**Assignment:** Look below for the line that contains "by move=> m", then copy it and each following line exactly, through and including the line that contains "Section TwoValued.".

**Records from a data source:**

╔══

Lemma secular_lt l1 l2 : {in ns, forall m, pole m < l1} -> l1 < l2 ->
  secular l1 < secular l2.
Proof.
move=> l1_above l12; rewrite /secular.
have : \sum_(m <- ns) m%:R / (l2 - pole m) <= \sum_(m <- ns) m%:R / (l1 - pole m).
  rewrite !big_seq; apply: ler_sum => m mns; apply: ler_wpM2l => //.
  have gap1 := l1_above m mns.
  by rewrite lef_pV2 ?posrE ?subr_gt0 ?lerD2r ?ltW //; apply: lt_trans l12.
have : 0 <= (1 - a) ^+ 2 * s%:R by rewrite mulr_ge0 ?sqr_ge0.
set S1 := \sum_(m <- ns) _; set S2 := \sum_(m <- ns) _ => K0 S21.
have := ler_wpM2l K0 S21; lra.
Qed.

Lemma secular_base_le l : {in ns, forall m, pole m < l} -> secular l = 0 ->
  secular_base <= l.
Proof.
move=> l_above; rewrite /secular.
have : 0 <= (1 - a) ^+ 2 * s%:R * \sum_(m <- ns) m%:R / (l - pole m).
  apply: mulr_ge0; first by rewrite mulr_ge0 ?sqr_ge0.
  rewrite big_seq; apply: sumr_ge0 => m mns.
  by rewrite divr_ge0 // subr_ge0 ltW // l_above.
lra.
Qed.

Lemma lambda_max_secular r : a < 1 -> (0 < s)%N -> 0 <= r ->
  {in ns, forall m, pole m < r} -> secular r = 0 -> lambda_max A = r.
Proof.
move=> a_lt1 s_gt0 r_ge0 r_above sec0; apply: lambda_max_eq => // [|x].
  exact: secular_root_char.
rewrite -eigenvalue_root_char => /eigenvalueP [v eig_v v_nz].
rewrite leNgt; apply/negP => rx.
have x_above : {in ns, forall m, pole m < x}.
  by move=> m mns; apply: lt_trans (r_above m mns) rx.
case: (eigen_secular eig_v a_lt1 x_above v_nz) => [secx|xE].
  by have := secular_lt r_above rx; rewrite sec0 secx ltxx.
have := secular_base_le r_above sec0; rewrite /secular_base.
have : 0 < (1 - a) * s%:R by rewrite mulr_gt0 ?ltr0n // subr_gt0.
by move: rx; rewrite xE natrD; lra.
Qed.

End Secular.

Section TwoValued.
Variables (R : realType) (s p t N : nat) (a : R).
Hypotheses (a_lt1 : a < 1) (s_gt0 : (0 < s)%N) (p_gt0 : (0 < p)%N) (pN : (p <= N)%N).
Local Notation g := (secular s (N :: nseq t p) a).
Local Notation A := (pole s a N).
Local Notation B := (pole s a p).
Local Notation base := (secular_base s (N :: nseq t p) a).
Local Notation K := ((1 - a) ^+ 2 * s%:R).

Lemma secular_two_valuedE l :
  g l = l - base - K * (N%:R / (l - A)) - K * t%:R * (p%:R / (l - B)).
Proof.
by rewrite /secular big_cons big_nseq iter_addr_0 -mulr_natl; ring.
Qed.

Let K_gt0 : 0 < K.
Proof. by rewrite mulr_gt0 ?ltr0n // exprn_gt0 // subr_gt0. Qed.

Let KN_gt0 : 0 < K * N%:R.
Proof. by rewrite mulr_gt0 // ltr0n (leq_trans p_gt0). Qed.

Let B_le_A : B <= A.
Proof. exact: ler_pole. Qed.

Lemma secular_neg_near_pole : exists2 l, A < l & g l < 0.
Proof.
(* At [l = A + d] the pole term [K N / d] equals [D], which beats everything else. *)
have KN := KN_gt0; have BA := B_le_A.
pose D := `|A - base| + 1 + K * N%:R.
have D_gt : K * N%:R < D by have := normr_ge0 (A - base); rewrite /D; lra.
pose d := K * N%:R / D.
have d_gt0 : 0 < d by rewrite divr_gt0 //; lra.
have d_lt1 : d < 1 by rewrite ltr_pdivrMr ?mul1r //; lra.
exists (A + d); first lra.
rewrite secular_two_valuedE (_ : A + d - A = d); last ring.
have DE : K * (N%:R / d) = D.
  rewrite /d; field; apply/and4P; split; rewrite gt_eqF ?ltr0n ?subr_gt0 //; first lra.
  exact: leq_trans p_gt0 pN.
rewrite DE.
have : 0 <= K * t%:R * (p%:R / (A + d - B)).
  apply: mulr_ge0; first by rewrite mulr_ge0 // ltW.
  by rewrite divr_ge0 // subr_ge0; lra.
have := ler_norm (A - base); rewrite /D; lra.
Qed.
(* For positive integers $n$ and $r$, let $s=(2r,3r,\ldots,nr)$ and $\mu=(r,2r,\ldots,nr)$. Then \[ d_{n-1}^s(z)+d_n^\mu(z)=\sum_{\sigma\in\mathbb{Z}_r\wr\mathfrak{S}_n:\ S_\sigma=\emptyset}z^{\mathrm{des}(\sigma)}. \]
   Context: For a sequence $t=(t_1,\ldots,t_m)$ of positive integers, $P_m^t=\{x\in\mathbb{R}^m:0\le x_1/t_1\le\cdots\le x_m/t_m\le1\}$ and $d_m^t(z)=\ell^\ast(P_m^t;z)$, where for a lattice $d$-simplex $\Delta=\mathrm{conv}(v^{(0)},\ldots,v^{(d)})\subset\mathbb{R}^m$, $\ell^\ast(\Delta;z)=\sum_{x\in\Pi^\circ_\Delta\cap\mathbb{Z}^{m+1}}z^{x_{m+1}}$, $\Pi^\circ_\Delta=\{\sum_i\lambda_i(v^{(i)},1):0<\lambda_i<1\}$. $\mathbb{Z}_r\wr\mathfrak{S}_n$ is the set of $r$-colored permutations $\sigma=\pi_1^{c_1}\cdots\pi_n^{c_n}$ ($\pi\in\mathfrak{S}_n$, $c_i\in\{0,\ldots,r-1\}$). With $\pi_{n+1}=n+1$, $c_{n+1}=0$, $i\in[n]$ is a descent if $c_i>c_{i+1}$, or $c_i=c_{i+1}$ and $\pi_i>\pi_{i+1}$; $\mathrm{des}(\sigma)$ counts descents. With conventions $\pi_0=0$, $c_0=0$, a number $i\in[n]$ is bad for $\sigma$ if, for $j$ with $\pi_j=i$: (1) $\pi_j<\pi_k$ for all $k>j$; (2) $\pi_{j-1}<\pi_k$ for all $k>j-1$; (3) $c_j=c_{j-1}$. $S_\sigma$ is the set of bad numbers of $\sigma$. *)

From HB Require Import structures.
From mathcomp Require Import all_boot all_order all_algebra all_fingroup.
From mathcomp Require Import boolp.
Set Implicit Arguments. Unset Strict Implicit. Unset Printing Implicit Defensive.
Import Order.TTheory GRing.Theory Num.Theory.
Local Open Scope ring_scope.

╚══

**Completed task:**
  by move=> m mns; apply: lt_trans (r_above m mns) rx.
case: (eigen_secular eig_v a_lt1 x_above v_nz) => [secx|xE].
  by have := secular_lt r_above rx; rewrite sec0 secx ltxx.
have := secular_base_le r_above sec0; rewrite /secular_base.
have : 0 < (1 - a) * s%:R by rewrite mulr_gt0 ?ltr0n // subr_gt0.
by move: rx; rewrite xE natrD; lra.
Qed.

End Secular.

Section TwoValued.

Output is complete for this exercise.